[[ Exercise materials open ]]

(* Let $G$ be a finite simple undirected graph, and let $c:V(G)\to \mathbb{R}_{>0}$ and $\kappa:V(G)\to \mathbb{Z}$ be functions such that $0\leq \kappa(u)\leq d_G(u)$ for every vertex $u$ of $G$. Then $$\beta(G,c,\kappa) \leq \sum_{u\in V(G)} \frac{c(u)\big(d_G(u)-\kappa(u)\big)\big(d_G(u)-\kappa(u)+1\big)}{2(d_G(u)+1)}.$$
   Context: $d_G(u)$ denotes the degree of $u$ in $G$, and $[n]=\{1,\dots,n\}$. For a function $\lambda:V(G)\to\mathbb{Z}$, a set $I\subseteq V(G)$ is called $\lambda$-degenerate in $G$ if there is a linear ordering $u_1,\ldots,u_k$ of the vertices of $I$ such that for every $i\in[k]$, $u_i$ has at most $\lambda(u_i)$ neighbors in $\{u_j: j\in[i-1]\}$. Define $$\beta(G,c,\kappa)=\min\Big\{\sum_{u\in V(G)} c(u)\iota(u) : \iota:V(G)\to\mathbb{Z}_{\geq 0} \text{ and } V(G) \text{ is } (\kappa+\iota)\text{-degenerate in } G\Big\}.$$ *)

From HB Require Import structures.
From mathcomp Require Import all_boot all_order all_algebra.
Set Implicit Arguments. Unset Strict Implicit. Unset Printing Implicit Defensive.
Import Order.TTheory GRing.Theory Num.Theory.
Local Open Scope ring_scope.

Definition simple_graph (T : finType) (e : rel T) : Prop :=
  symmetric e /\ irreflexive e.

Definition deg (T : finType) (e : rel T) (u : T) : nat := #|[set v | e u v]|.

Definition degenerate (T : finType) (e : rel T) (lam : T -> int) (I : {set T}) : Prop :=
  exists s : seq T, [/\ uniq s, s =i I &
    forall (s1 s2 : seq T) (u : T), s = s1 ++ u :: s2 ->
      ((#|[set v in s1 | e u v]|)%:Z <= lam u)%R].

Definition beta_feasible (T : finType) (e : rel T) (kappa : T -> int) (iota : T -> nat) : Prop :=
  degenerate e (fun u => kappa u + (iota u)%:Z) [set: T].

Definition beta_cost (R : numDomainType) (T : finType) (c : T -> R) (iota : T -> nat) : R :=
  \sum_(u : T) c u * (iota u)%:R.

Definition is_beta (R : numDomainType) (T : finType) (e : rel T) (c : T -> R)
    (kappa : T -> int) (b : R) : Prop :=
  ((exists2 iota, beta_feasible e kappa iota & beta_cost c iota = b) /\
   (forall iota, beta_feasible e kappa iota -> b <= beta_cost c iota))%type.

From HB Require Import structures.
From mathcomp Require Import all_boot all_order all_algebra zify ring.
From Stdlib Require Import ClassicalEpsilon.
Set Implicit Arguments. Unset Strict Implicit. Unset Printing Implicit Defensive.
Import Order.TTheory GRing.Theory Num.Theory.
Local Open Scope ring_scope.

(* For S a set of vertices, write d_S(u) for the degree of u in G[S] and let
   B(S) = sum_{u in S} c(u) (d_S(u) - kappa(u)) (d_S(u) - kappa(u) + 1) / (2 (d_S(u) + 1)).
   The summand is c(u) times the mean of (j - kappa(u))^+ over j in {0, ..., d_S(u)}:
   the expected cost of u in a uniformly random ordering of G[S].  Averaging over
   the choice of the last vertex v gives
   sum_{v in S} (c(v) (d_S(v) - kappa(v))^+ + B(S \ v)) = |S| B(S),
   so some v, placed after an inductively chosen ordering of S \ v, keeps the cost
   at most B(S).  The resulting ordering of V(G), with iota(u) the excess of the
   number of earlier neighbours of u over kappa(u), witnesses beta <= B(V(G)). *)

Lemma ex_minimizer (R : realDomainType) (X : finType) (P : X -> Prop) (f : X -> R) :
  (exists x, P x) -> exists2 x, P x & forall y, P y -> f x <= f y.
Proof.
move=> [x0 Px0].
pose Pb x : bool := if excluded_middle_informative (P x) then true else false.
have PbP x : reflect (P x) (Pb x).
  by rewrite /Pb; case: excluded_middle_informative => ?; constructor.
have [x /PbP Px x_min] := arg_minP f (introT (PbP x0) Px0).
by exists x => // y /PbP; apply: x_min.
Qed.

Lemma degenerate_le (T : finType) (e : rel T) (lam lam' : T -> int) (I : {set T}) :
  (forall u, lam u <= lam' u \/ (deg e u)%:Z <= lam' u) ->
  degenerate e lam I -> degenerate e lam' I.
Proof.
move=> lam_le [s [s_uniq s_I s_deg]]; exists s; split => // s1 s2 u s_split.
have le_deg : (#|[set v in s1 | e u v]| <= deg e u)%N.
  by apply: subset_leq_card; apply/subsetP => v; rewrite !inE => /andP[].
have := s_deg _ _ _ s_split; case: (lam_le u); lia.
Qed.

(* Capping iota at the degree preserves feasibility and does not increase the cost,
   so the minimum can be taken over the finitely many iota bounded by #|T|. *)
Lemma beta_exists (R : realDomainType) (T : finType) (e : rel T) (c : T -> R)
    (kappa : T -> int) :
  (forall u, 0 <= c u) -> (forall u, 0 <= kappa u) ->
  (exists iota, beta_feasible e kappa iota) -> exists b, is_beta e c kappa b.
Proof.
move=> c_ge0 kappa_ge0 [iota0 feas0].
pose bounded (g : {ffun T -> 'I_#|T|.+1}) u : nat := g u.
pose cap iota : {ffun T -> 'I_#|T|.+1} := [ffun u => inord (minn (iota u) (deg e u))].
have capE iota u : bounded (cap iota) u = minn (iota u) (deg e u).
  by rewrite /cap /bounded ffunE inordK // ltnS (leq_trans (geq_minr _ _)) ?max_card.
have cap_feasible iota :
    beta_feasible e kappa iota -> beta_feasible e kappa (bounded (cap iota)).
  apply: degenerate_le => u; rewrite capE; have := kappa_ge0 u.
  by case: (leqP (iota u) (deg e u)) => ?; [left | right]; lia.
have [g g_feas g_min] := ex_minimizer (fun g => beta_cost c (bounded g))
  (ex_intro (fun g => beta_feasible e kappa (bounded g)) _ (cap_feasible _ feas0)).
exists (beta_cost c (bounded g)); split; first by exists (bounded g).
move=> iota feas; apply: le_trans (g_min _ (cap_feasible _ feas)) _.
by apply: ler_sum => u _; rewrite capE ler_wpM2l ?ler_nat ?geq_minl.
Qed.

Lemma exists_le_mean (R : realDomainType) (T : finType) (S : {set T}) (a : T -> R) (b : R) :
  S != set0 -> \sum_(u in S) a u = #|S|%:R * b -> exists2 u, u \in S & a u <= b.
Proof.
move=> /set0Pn [v vS] sum_a; apply/exists_inP; apply: contraT => /exists_inPn a_gt.
suff : #|S|%:R * b < \sum_(u in S) a u by rewrite sum_a ltxx.
rewrite mulr_natl -sumr_const; apply: ltr_sum => [|u uS].
  by apply/hasP; exists v; rewrite ?mem_index_enum.
by rewrite ltNge a_gt.
Qed.

Section AverageExcess.
Variable R : numFieldType.

Definition avg_excess (d k : nat) : R := ((d - k) * (d - k).+1)%N%:R / (2 * d.+1%:R).

Lemma avg_excess_rec d k :
  d.+1%:R * avg_excess d k = d%:R * avg_excess d.-1 k + (d - k)%N%:R.
Proof.
rewrite /avg_excess; case: d => [|d].
  by rewrite sub0n mul0n !(mul0r, mulr0, mul1r, add0r).
have -> : ((d.+1 - k) * (d.+1 - k).+1 = (d - k) * (d - k).+1 + 2 * (d.+1 - k))%N.
  by case: (leqP k d) => ?; nia.
rewrite /= natrD natrM; field.
by rewrite -[1]/(1%:R) -!natrD !pnatr_eq0.
Qed.

Lemma avg_excess_int d k : (k <= d)%N ->
  avg_excess d k = ((d%:Z - k%:Z) * (d%:Z - k%:Z + 1))%:~R / (2 * d.+1%:R).
Proof. by move=> le_kd; rewrite subzn // -PoszD -PoszM addn1. Qed.

End AverageExcess.

Lemma sumr_indicator (R : pzSemiRingType) (T : finType) (A : {pred T}) (b : pred T) :
  \sum_(v in A) (b v)%:R = #|[pred v in A | b v]|%:R :> R.
Proof. by rewrite -sumr_const big_mkcondr; apply: eq_bigr => v _; case: (b v). Qed.

Section LastVertexAveraging.
Variables (R : realFieldType) (T : finType) (e : rel T).
Hypothesis e_irr : irreflexive e.
Variables (c : T -> R) (k : T -> nat).

Definition deg_in (S : {set T}) u := #|[set v in S | e u v]|.

Definition excess_bound (S : {set T}) : R :=
  \sum_(u in S) c u * avg_excess R (deg_in S u) (k u).

Lemma deg_inD1 (S : {set T}) (u v : T) :
  v \in S -> deg_in (S :\ v) u = (deg_in S u - e u v)%N.
Proof.
move=> vS; rewrite /deg_in (cardsD1 v [set w in S | e u w]) !inE vS /=.
have -> : [set w in S :\ v | e u w] = [set w in S | e u w] :\ v.
  by apply/setP => w; rewrite !inE andbA.
by case: (e u v); rewrite ?subn1 ?subn0.
Qed.

Lemma deg_inD1_self (S : {set T}) (u : T) : deg_in (S :\ u) u = deg_in S u.
Proof.
by apply: eq_card => v; rewrite !inE; case: eqP => [->|]; rewrite ?e_irr ?andbF.
Qed.

Lemma sum_avg_excess_delete (S : {set T}) (u : T) : u \in S ->
  (deg_in S u - k u)%N%:R + \sum_(v in S :\ u) avg_excess R (deg_in (S :\ v) u) (k u)
  = #|S|%:R * avg_excess R (deg_in S u) (k u).
Proof.
move=> uS; set d := deg_in S u; set F := avg_excess R.
have term v : v \in S :\ u ->
    F (deg_in (S :\ v) u) (k u) = F d (k u) - (F d (k u) - F d.-1 (k u)) * (e u v)%:R.
  move=> /setD1P[_ vS]; rewrite deg_inD1 // -/d.
  by case: (e u v); rewrite ?subn1 ?subn0 (mulr1, mulr0) ?subKr ?subr0.
have nbrs : #|[pred v in S :\ u | e u v]| = d.
  by rewrite /d -(deg_inD1_self S u); apply: eq_card => v; rewrite !inE.
rewrite (eq_bigr _ term) sumrB sumr_const -mulr_sumr sumr_indicator nbrs.
have -> : (d - k u)%N%:R = d.+1%:R * F d (k u) - d%:R * F d.-1 (k u).
  by rewrite avg_excess_rec addrC addKr.
by rewrite (cardsD1 u S) uS /= -!natr1 -mulr_natl; ring.
Qed.

Lemma sum_last_vertex (S : {set T}) :
  \sum_(v in S) (c v * (deg_in S v - k v)%N%:R + excess_bound (S :\ v))
  = #|S|%:R * excess_bound S.
Proof.
rewrite big_split /= /excess_bound mulr_sumr.
rewrite (exchange_big_dep (mem S)) /=; last by move=> v u _ /setD1P[].
rewrite -big_split; apply: eq_bigr => u uS.
rewrite (eq_bigl (fun v => v \in S :\ u)); last first.
  by move=> v; rewrite !inE uS andbT eq_sym andbC.
by rewrite /= -mulr_sumr -mulrDr sum_avg_excess_delete // mulrCA.
Qed.

Definition earlier_nbrs (s : seq T) u := #|[set v in take (index u s) s | e u v]|.

Lemma earlier_nbrs_rcons s u v : u \in s -> earlier_nbrs (rcons s v) u = earlier_nbrs s u.
Proof. by move=> us; rewrite /earlier_nbrs -cats1 index_cat us takel_cat // index_size. Qed.

Lemma earlier_nbrs_rcons_last s v :
  v \notin s -> earlier_nbrs (rcons s v) v = #|[set w in s | e v w]|.
Proof.
move=> /negbTE vNs.
by rewrite /earlier_nbrs -cats1 index_cat vNs /= eqxx addn0 take_size_cat.
Qed.

Lemma exists_ordering (S : {set T}) : exists s : seq T, [/\ uniq s, s =i S &
  \sum_(u in S) c u * (earlier_nbrs s u - k u)%N%:R <= excess_bound S].
Proof.
have [n] := ubnP #|S|; elim: n S => // n IH S S_lt.
have [-> | S_n0] := eqVneq S set0.
  by exists [::]; split=> [||]; rewrite /excess_bound ?big_set0 // => x; rewrite inE.
have [v vS v_le] := exists_le_mean S_n0 (sum_last_vertex S).
have [|s [s_uniq s_S s_le]] := IH (S :\ v); first by rewrite (cardsD1 v S) vS in S_lt.
have vNs : v \notin s by rewrite s_S !inE eqxx.
exists (rcons s v); split.
- by rewrite rcons_uniq vNs.
- by move=> x; rewrite mem_rcons inE s_S !inE; case: eqP => // ->.
apply: le_trans v_le; rewrite (bigD1 v) //=; apply: lerD.
  rewrite earlier_nbrs_rcons_last // (_ : #|_| = deg_in S v) // -deg_inD1_self.
  by apply: eq_card => w; rewrite !inE s_S !inE.
apply: le_trans s_le; rewrite (eq_bigl (fun u => u \in S :\ v)) => [|u]; last first.
  by rewrite !inE andbC.
by apply: ler_sum => u; rewrite -s_S => us; rewrite earlier_nbrs_rcons.
Qed.

Lemma exists_feasible_le_excess_bound (kappa : T -> int) :
  (forall u, kappa u = (k u)%:Z) ->
  exists2 iota, beta_feasible e kappa iota & beta_cost c iota <= excess_bound [set: T].
Proof.
move=> kappaE; have [s [s_uniq s_T s_le]] := exists_ordering [set: T].
exists (fun u => earlier_nbrs s u - k u)%N.
  exists s; split=> // s1 s2 u s_split.
  have uNs1 : u \notin s1 by move: s_uniq; rewrite s_split cat_uniq /= => /and3P[_ /norP[]].
  by rewrite /earlier_nbrs s_split take_pivot // kappaE; lia.
by apply: le_trans s_le; rewrite (eq_bigl _ _ (@in_setT T)).
Qed.

Lemma deg_in_setT u : deg_in [set: T] u = deg e u.
Proof. by apply: eq_card => v; rewrite !inE. Qed.

End LastVertexAveraging.

Theorem theorem1 (R : realFieldType) (T : finType) (e : rel T)
    (c : T -> R) (kappa : T -> int) :
  simple_graph e ->
  (forall u, 0 < c u) ->
  (forall u, 0 <= kappa u /\ kappa u <= (deg e u)%:Z) ->
  (exists b : R, is_beta e c kappa b) /\
  (forall b : R, is_beta e c kappa b ->
     b <= \sum_(u : T)
            c u * ((((deg e u)%:Z - kappa u) * ((deg e u)%:Z - kappa u + 1))%:~R)
              / (2 * ((deg e u).+1)%:R)).
Proof.
move=> [_ e_irr] c_gt0 kappa_bounds.
pose k u := `|kappa u|%N.
have kappaE u : kappa u = (k u)%:Z by rewrite /k gez0_abs //; case: (kappa_bounds u).
have [iota feas cost_le] := exists_feasible_le_excess_bound e_irr c kappaE.
split.
  apply: beta_exists => [u | u |]; [exact: ltW | by case: (kappa_bounds u) | by exists iota].
move=> b [_ b_min]; apply: le_trans (b_min _ feas) (le_trans cost_le _).
rewrite /excess_bound (eq_bigl _ _ (@in_setT T)); apply: ler_sum => u _.
have k_le_deg : (k u <= deg e u)%N by have [_] := kappa_bounds u; rewrite kappaE.
by rewrite deg_in_setT avg_excess_int // kappaE mulrA.
Qed.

[[ Exercise materials closed ]]

## [Task directions]
What belongs in the answer is each line of the data that has the word "AverageExcess".

## [Task response]
Section AverageExcess.
End AverageExcess.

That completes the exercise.